(Stored items)
※ ※ ※

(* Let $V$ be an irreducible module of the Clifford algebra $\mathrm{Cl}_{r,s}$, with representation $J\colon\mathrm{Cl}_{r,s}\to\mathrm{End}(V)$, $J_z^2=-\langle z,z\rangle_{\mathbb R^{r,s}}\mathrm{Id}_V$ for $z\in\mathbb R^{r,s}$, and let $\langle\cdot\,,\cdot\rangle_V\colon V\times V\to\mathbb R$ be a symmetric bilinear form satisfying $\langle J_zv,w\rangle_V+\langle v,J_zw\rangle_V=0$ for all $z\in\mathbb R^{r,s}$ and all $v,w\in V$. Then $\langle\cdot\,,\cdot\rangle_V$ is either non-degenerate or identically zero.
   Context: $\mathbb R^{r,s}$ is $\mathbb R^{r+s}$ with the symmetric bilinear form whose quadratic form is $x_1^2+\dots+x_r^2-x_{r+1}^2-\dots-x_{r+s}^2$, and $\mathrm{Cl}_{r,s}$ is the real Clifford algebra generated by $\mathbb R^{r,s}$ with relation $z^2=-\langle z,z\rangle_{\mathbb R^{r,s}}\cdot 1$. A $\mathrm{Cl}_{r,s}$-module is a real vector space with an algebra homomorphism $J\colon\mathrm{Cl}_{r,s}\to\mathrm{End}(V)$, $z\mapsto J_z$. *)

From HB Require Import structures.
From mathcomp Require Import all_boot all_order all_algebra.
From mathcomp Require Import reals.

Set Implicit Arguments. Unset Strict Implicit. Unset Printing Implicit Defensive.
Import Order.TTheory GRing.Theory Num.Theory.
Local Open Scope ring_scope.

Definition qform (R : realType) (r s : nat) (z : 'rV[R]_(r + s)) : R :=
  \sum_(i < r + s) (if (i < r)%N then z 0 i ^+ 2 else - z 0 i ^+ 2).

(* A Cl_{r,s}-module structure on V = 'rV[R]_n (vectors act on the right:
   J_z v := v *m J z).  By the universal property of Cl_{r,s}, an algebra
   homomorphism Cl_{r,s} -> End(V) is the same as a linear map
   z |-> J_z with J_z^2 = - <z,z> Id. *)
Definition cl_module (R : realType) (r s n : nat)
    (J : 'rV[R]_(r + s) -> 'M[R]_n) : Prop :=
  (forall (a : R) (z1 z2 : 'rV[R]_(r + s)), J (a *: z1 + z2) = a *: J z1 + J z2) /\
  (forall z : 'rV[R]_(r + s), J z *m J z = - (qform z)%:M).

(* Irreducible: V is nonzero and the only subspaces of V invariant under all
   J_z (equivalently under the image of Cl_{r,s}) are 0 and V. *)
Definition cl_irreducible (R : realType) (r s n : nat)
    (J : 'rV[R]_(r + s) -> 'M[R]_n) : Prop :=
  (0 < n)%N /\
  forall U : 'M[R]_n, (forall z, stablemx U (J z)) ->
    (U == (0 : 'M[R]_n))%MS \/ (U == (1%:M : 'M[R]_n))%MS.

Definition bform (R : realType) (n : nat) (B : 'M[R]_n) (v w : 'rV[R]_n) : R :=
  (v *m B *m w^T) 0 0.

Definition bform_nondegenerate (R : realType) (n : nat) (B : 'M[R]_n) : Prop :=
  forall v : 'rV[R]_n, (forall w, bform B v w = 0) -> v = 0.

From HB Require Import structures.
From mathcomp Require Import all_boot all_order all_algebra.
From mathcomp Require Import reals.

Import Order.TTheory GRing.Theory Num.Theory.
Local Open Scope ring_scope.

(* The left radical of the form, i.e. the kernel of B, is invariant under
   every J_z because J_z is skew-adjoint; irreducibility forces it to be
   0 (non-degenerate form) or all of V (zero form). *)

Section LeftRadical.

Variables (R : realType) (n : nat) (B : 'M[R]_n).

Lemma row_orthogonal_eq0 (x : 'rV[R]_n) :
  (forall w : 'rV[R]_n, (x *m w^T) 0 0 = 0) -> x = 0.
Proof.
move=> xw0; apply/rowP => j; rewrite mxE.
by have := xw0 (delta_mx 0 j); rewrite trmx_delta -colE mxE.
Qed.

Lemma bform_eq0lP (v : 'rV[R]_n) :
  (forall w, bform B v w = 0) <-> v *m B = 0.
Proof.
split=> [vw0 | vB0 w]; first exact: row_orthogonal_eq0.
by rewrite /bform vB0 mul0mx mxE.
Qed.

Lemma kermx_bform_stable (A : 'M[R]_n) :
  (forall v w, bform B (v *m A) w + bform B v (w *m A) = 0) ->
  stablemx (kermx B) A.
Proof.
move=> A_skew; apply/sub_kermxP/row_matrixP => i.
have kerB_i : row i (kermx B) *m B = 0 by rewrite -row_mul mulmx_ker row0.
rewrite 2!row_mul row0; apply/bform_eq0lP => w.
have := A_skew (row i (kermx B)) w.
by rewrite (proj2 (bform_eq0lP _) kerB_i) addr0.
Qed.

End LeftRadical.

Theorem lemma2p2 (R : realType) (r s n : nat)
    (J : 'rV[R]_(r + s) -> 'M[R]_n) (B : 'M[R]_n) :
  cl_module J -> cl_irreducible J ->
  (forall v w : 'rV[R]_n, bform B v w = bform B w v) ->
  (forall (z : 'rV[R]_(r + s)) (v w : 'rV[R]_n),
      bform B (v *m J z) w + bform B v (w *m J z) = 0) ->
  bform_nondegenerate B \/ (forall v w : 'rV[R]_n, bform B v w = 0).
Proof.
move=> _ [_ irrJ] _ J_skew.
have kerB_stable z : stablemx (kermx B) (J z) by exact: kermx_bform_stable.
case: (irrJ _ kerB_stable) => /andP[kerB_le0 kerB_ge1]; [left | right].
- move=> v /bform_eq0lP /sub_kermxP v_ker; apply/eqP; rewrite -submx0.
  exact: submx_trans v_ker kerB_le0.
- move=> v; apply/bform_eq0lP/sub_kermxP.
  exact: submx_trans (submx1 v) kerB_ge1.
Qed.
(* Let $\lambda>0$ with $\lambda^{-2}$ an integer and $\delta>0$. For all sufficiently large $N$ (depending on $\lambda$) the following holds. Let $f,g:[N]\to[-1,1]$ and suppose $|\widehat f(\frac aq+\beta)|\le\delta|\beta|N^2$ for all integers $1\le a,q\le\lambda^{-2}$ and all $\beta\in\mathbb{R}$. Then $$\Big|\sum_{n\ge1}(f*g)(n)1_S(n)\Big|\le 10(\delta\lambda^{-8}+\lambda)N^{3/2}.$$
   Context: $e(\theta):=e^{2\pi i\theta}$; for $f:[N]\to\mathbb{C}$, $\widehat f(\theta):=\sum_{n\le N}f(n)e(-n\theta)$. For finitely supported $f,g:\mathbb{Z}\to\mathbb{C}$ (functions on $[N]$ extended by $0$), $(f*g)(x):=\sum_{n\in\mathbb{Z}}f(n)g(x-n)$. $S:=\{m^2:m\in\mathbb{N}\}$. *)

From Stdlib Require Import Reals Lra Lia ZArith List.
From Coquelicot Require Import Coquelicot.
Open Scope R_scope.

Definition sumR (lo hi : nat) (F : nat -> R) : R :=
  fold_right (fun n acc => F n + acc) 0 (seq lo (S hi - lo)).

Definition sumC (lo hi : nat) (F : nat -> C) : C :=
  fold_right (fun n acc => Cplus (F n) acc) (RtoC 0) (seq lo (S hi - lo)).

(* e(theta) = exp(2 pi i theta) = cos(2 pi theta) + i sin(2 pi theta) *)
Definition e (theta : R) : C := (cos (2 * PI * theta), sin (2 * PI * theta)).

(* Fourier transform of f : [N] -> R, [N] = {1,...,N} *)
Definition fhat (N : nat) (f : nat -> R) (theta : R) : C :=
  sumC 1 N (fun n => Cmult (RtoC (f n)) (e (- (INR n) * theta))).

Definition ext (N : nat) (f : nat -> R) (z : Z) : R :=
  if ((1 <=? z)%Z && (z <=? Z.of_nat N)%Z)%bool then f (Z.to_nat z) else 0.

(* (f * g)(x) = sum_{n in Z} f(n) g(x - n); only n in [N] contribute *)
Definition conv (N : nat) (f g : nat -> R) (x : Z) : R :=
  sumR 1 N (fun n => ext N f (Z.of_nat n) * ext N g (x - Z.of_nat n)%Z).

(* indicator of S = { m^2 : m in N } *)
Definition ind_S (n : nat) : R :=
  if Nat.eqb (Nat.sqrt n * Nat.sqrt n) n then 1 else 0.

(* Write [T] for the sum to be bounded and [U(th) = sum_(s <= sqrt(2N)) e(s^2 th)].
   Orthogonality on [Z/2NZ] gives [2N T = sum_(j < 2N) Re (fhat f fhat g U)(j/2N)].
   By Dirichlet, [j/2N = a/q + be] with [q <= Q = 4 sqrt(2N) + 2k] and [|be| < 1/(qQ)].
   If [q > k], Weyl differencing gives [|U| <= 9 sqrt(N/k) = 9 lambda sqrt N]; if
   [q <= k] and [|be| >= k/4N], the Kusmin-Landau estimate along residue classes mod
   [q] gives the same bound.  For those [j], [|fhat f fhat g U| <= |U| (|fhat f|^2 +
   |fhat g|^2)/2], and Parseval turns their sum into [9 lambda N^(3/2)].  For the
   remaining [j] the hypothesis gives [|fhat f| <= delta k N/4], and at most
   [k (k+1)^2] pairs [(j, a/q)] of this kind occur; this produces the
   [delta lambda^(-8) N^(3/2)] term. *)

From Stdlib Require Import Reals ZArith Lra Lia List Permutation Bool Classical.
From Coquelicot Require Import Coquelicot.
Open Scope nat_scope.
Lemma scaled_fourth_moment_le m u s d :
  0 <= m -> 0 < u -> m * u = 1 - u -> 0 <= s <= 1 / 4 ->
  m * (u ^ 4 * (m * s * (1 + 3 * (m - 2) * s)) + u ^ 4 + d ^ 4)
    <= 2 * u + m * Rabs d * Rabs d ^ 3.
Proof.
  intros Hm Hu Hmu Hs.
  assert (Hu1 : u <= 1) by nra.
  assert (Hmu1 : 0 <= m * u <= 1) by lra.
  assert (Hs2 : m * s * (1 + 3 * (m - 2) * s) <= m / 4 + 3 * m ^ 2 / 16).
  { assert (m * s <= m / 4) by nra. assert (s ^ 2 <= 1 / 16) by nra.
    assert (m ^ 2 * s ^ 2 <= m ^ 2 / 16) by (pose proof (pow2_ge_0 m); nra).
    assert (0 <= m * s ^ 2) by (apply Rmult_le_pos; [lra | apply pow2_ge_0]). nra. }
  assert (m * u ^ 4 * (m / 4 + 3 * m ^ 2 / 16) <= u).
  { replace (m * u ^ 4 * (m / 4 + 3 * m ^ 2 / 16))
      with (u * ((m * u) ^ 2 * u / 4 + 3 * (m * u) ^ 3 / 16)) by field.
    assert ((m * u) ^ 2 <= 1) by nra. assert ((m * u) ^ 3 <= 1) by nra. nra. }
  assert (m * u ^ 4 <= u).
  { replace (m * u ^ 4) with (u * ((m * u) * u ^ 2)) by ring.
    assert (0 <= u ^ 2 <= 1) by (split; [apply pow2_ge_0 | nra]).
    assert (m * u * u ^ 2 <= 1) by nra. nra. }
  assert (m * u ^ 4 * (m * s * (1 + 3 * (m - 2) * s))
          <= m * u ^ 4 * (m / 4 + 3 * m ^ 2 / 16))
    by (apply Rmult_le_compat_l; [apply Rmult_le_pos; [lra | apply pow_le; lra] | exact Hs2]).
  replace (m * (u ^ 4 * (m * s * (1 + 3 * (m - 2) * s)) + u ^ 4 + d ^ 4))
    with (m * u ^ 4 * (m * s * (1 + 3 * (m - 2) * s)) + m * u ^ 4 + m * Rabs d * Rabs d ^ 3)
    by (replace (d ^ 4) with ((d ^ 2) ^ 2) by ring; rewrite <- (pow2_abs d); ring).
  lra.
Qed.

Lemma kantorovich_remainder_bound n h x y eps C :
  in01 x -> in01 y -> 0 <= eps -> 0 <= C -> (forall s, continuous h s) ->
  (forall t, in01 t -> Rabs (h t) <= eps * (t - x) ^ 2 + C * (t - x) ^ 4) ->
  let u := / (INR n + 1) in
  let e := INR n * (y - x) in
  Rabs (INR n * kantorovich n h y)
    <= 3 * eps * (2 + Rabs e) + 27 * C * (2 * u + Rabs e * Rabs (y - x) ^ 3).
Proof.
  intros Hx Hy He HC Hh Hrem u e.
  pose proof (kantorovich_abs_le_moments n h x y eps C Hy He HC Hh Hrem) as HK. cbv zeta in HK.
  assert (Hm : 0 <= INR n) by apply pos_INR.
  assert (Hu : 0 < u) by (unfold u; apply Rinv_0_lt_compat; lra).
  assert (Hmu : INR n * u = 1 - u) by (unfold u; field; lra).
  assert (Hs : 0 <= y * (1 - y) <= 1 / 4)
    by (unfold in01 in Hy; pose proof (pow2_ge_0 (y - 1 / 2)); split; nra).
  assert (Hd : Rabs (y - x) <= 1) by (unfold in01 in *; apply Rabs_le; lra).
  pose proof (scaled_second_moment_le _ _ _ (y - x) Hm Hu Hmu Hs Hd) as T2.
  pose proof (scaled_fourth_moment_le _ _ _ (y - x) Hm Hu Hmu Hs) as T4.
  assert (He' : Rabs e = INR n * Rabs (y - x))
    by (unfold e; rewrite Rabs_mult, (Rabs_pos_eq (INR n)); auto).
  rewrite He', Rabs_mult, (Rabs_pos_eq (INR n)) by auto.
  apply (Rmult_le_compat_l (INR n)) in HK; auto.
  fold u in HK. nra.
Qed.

※ ※ ※

* What the exercise asks
Give the number of lines above that contain the word "split", with no other text.

* Completed task
3